ACTIVITY:
The lines from the start of the data through the line with "exists (fun k" are to be returned verbatim; all later lines are to be omitted.

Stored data
Theorem generic_realization : exists fs : nat -> (nat -> nat),
    (forall k, is_perm (fs k)) /\
    iso_to_perm_group H (gen (fun f => exists k, fs k = f)) /\
    cofinitary_group (gen (fun f => G f \/ exists k, fs k = f)).
Proof.
  exists (fun k => rho (eH k)). split; [|split].
  - intro k. exists (rho (inv (eH k))). split; intro; [apply rho_invl|apply rho_invr].
  - exists rho. split; [|split; [|split]].
    + intros x y. apply functional_extensionality, rho_mul.
    + exact rho_inj.
    + intro x. apply gen_base. destruct (eH_onto x) as [k <-]. exists k; reflexivity.
    + induction 1 as [f [k <-] | | f g _ [x <-] _ [y <-] | f g _ [x <-] Hgf Hfg].
      * exists (eH k); reflexivity.
      * exists one. apply functional_extensionality, rho_one.
      * exists (mul x y). apply functional_extensionality, rho_mul.
      * exists (inv x). apply functional_extensionality. intro n.
        rewrite <- (Hgf (rho (inv x) n)), rho_invr. reflexivity.
  - intros f Hf. destruct (gen_word f Hf) as [P [V E]].
    apply (cofinitary_ext (evalW P)); [intro n; symmetry; apply E|].
    apply (evalW_cofinitary (length P)); auto.
Qed.

End Construction.

Theorem mainTheorem11 (G : (nat -> nat) -> Prop)
  (HG : is_subgroup_Sym G) (Hcof : cofinitary_group G) (Hcnt : countable_set G)
  (T : Type) (H : group_on T) (HT : countable_type T) :
  exists fs : nat -> (nat -> nat),
    (forall k, is_perm (fs k)) /\
    iso_to_perm_group H (gen (fun f => exists k, fs k = f)) /\
    cofinitary_group (gen (fun f => G f \/ exists k, fs k = f)).
Proof.
  destruct (subgroup_enumeration G HG Hcnt) as [eG [eG_in eG_onto]].
  destruct HT as [eH eH_onto].
  exact (generic_realization G HG Hcof eG eG_in eG_onto T H eH eH_onto).
Qed.
(* Let $a\ge b\ge2$ and $k$ be integers with $2a+3\le k\le 2a+2b-1$. Then for every $(i,j)\in Q_1$: - $w_1,w_4,w_5\in\mathcal{R}^k_{(a,b),(i,j)}$; - if moreover $b\ge\lceil a/2\rceil+2$ and $2a+3\le k\le a+2b-1$, then also $w_6\in\mathcal{R}^k_{(a,b),(i,j)}$.
   Context: $\widehat{\mathfrak{su}}(3)_k$ fusion. Let $P_+^k=\{(\lambda_1,\lambda_2)\in\mathbb{Z}_{\ge0}^2:\lambda_1+\lambda_2\le k\}$. For $\lambda,\mu,\nu\in P_+^k$ set - $\mathcal{A}=\tfrac13[2(\lambda_1+\mu_1+\nu_2)+\lambda_2+\mu_2+\nu_1]$, - $\mathcal{B}=\tfrac13[\lambda_1+\mu_1+\nu_2+2(\lambda_2+\mu_2+\nu_1)]$, - $k_0^{\max}=\min(\mathcal{A},\mathcal{B})$, - $k_0^{\min}=\max(\lambda_1+\lambda_2,\mu_1+\mu_2,\nu_1+\nu_2,\mathcal{A}-\lambda_1,\mathcal{A}-\mu_1,\mathcal{A}-\nu_2,\mathcal{B}-\lambda_2,\mathcal{B}-\mu_2,\mathcal{B}-\nu_1)$. The fusion multiplicity is $N^{(k)\nu}_{\lambda,\mu}=\min(k_0^{\max},k)-k_0^{\min}+1$ if $\mathcal{A},\mathcal{B}$ are nonnegative integers, $k_0^{\max}\ge k_0^{\min}$ and $k\ge k_0^{\min}$; otherwise it is $0$. The set $\mathcal{R}^k_{\lambda,\mu}$ is $\{\nu\in P_+^k:N^{(k)\nu}_{\lambda,\mu}\ne0\}$. The candidate weights are $w_1=(a-1,b+2)$, $w_2=(a+2,b-1)$, $w_3=(a+1,b-2)$, $w_4=(a-2,b+1)$, $w_5=(a+1,b+1)$, $w_6=(a-1,b-1)$. The set $Q_1$ is defined by $Q_1=\{(2k-3p,3p-k):p\in\mathbb{Z},\ \lceil(k+1)/2\rceil\le p\le\min(a+b,k-a-1,\lfloor2k/3\rfloor,\lfloor(b+k)/2\rfloor)\}$. *)

From mathcomp Require Import all_boot all_order all_algebra.
Set Implicit Arguments. Unset Strict Implicit. Unset Printing Implicit Defensive.
Import Order.TTheory GRing.Theory Num.Theory.
Local Open Scope ring_scope.

Definition weight := (int * int)%type.

Definition dominant (k : int) (l : weight) : bool :=
  [&& 0 <= l.1, 0 <= l.2 & l.1 + l.2 <= k].

Definition cA (l m n : weight) : rat :=
  ((2 * (l.1 + m.1 + n.2) + l.2 + m.2 + n.1)%:~R) / 3.
Definition cB (l m n : weight) : rat :=
  ((l.1 + m.1 + n.2 + 2 * (l.2 + m.2 + n.1))%:~R) / 3.

Definition k0max (l m n : weight) : rat := Num.min (cA l m n) (cB l m n).

Definition k0min (l m n : weight) : rat :=
  let A := cA l m n in let B := cB l m n in
  \big[Num.max/(l.1 + l.2)%:~R]_(x <- [:: (m.1 + m.2)%:~R; (n.1 + n.2)%:~R;
       A - l.1%:~R; A - m.1%:~R; A - n.2%:~R;
       B - l.2%:~R; B - m.2%:~R; B - n.1%:~R]) x.

Definition fusion (k : int) (l m n : weight) : rat :=
  if [&& cA l m n \is a Num.nat, cB l m n \is a Num.nat,
         k0min l m n <= k0max l m n & k0min l m n <= k%:~R]
  then Num.min (k0max l m n) k%:~R - k0min l m n + 1
  else 0.

(* nu \in R^k_{lambda,mu} *)
Definition inR (k : int) (l m n : weight) : bool :=
  dominant k n && (fusion k l m n != 0).

Definition w1 (a b : int) : weight := (a - 1, b + 2).
Definition w2 (a b : int) : weight := (a + 2, b - 1).
Definition w3 (a b : int) : weight := (a + 1, b - 2).
Definition w4 (a b : int) : weight := (a - 2, b + 1).
Definition w5 (a b : int) : weight := (a + 1, b + 1).
Definition w6 (a b : int) : weight := (a - 1, b - 1).

Definition inQ1 (a b k : int) (ij : weight) : Prop :=
  exists p : int,
    [/\ Num.ceil ((k + 1)%:~R / 2 : rat) <= p,
        (p <= a + b) /\ (p <= k - a - 1),
        p <= Num.floor ((2 * k)%:~R / 3 : rat),
        p <= Num.floor ((b + k)%:~R / 2 : rat)
      & ij = (2 * k - 3 * p, 3 * p - k)].

From mathcomp Require Import all_boot all_order all_algebra.
From mathcomp Require Import zify lra.
Set Implicit Arguments. Unset Strict Implicit. Unset Printing Implicit Defensive.
Import Order.TTheory GRing.Theory Num.Theory.
Local Open Scope ring_scope.

(* For integral A and B the fusion multiplicity is nonzero as soon as A, B and
   k all dominate the nine lower bounds making up k0min, since k0max = min A B.
   For nu = w1, w4, w5, w6 and (i, j) = (2k - 3p, 3p - k) in Q_1 the values of
   A and B are explicit linear expressions in a, b, k, p, and these dominance
   conditions reduce to linear inequalities implied by the constraints on p. *)

Lemma ceil_div_le (x n c : int) : 0 < c ->
  (Num.ceil (x%:~R / c%:~R : rat) <= n) = (x <= n * c).
Proof. by move=> c_gt0; rewrite ceil_le_int ler_pdivrMr ?ltr0z // -intrM ler_int. Qed.

Lemma le_floor_div (x n c : int) : 0 < c ->
  (n <= Num.floor (x%:~R / c%:~R : rat)) = (n * c <= x).
Proof. by move=> c_gt0; rewrite floor_ge_int ler_pdivlMr ?ltr0z // -intrM ler_int. Qed.

Lemma div3_int (x A : int) : x = 3 * A -> (x%:~R / 3 : rat) = A%:~R.
Proof. by move->; rewrite intrM mulrC mulrA mulVf ?mul1r. Qed.

Definition k0min_le (l m n : weight) (A B c : int) : bool :=
  [&& m.1 + m.2 <= c, n.1 + n.2 <= c,
      A - l.1 <= c, A - m.1 <= c, A - n.2 <= c,
      B - l.2 <= c, B - m.2 <= c, B - n.1 <= c & l.1 + l.2 <= c].

Lemma k0min_le_int (l m n : weight) (A B c : int) :
  cA l m n = A%:~R -> cB l m n = B%:~R ->
  k0min_le l m n A B c -> k0min l m n <= c%:~R.
Proof.
move=> eA eB; rewrite /k0min eA eB !big_cons big_nil !ge_max -!intrB !ler_int.
exact: id.
Qed.

Lemma fusion_neq0 (k : int) (l m n : weight) :
  cA l m n \is a Num.nat -> cB l m n \is a Num.nat ->
  k0min l m n <= k0max l m n -> k0min l m n <= k%:~R ->
  fusion k l m n != 0.
Proof.
move=> An Bn le_max le_k; rewrite /fusion An Bn le_max le_k /=.
have : k0min l m n <= Num.min (k0max l m n) k%:~R by rewrite le_min le_max.
by move: (k0min _ _ _) (Num.min _ _) => u v le_uv; rewrite gt_eqF //; lra.
Qed.

Lemma inR_int (k : int) (l m n : weight) (A B : int) :
  2 * (l.1 + m.1 + n.2) + l.2 + m.2 + n.1 = 3 * A ->
  l.1 + m.1 + n.2 + 2 * (l.2 + m.2 + n.1) = 3 * B ->
  0 <= A -> 0 <= B -> dominant k n ->
  k0min_le l m n A B A -> k0min_le l m n A B B -> k0min_le l m n A B k ->
  inR k l m n.
Proof.
move=> hA hB A_ge0 B_ge0 dom_n leA leB lek.
have eA : cA l m n = A%:~R by exact: div3_int.
have eB : cB l m n = B%:~R by exact: div3_int.
rewrite /inR dom_n fusion_neq0 ?(k0min_le_int eA eB) //.
- by rewrite eA -(gez0_abs A_ge0) natr_nat.
- by rewrite eB -(gez0_abs B_ge0) natr_nat.
- by rewrite /k0max le_min eA eB !(k0min_le_int eA eB).
Qed.

Lemma inQ1P (a b k : int) (ij : weight) : inQ1 a b k ij ->
  exists2 p : int, [/\ k + 1 <= 2 * p, p <= a + b, p <= k - a - 1,
                       3 * p <= 2 * k & 2 * p <= b + k]
                 & ij = (2 * k - 3 * p, 3 * p - k).
Proof.
case=> p [le_ceil [le_ab le_ka] le_floor3 le_floor2 ->]; exists p => //.
move: le_ceil le_floor3 le_floor2.
rewrite -[2 : rat]/((2 : int)%:~R) -[3 : rat]/((3 : int)%:~R).
by rewrite ceil_div_le // !le_floor_div //; split; lia.
Qed.

Theorem mainTheorem7 (a b k : int) :
  b <= a -> 2 <= b -> 2 * a + 3 <= k -> k <= 2 * a + 2 * b - 1 ->
  forall ij : weight, inQ1 a b k ij ->
    [/\ inR k (a, b) ij (w1 a b), inR k (a, b) ij (w4 a b),
        inR k (a, b) ij (w5 a b)
      & (Num.ceil (a%:~R / 2 : rat) + 2 <= b -> k <= a + 2 * b - 1 ->
         inR k (a, b) ij (w6 a b))].
Proof.
move=> le_ba b_ge2 k_ge k_le ij /inQ1P[p [? ? ? ? ?] ->]; split.
- apply: (inR_int (A := a + b + k - p + 1) (B := a + b + p));
  by rewrite /k0min_le /dominant /=; lia.
- apply: (inR_int (A := a + b + k - p) (B := a + b + p - 1));
  by rewrite /k0min_le /dominant /=; lia.
- apply: (inR_int (A := a + b + k - p + 1) (B := a + b + p + 1));
  by rewrite /k0min_le /dominant /=; lia.
move=> le_ceil k_le'.
have : Num.ceil (a%:~R / 2%:~R : rat) <= b - 2 by rewrite lerBrDr.
rewrite ceil_div_le // => a_le.
apply: (inR_int (A := a + b + k - p - 1) (B := a + b + p - 1));
  by rewrite /k0min_le /dominant /=; lia.
Qed.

SOLUTION FOR THIS PROBLEM:
Theorem generic_realization : exists fs : nat -> (nat -> nat),
    (forall k, is_perm (fs k)) /\
    iso_to_perm_group H (gen (fun f => exists k, fs k = f)) /\
    cofinitary_group (gen (fun f => G f \/ exists k, fs k = f)).
Proof.
  exists (fun k => rho (eH k)). split; [|split].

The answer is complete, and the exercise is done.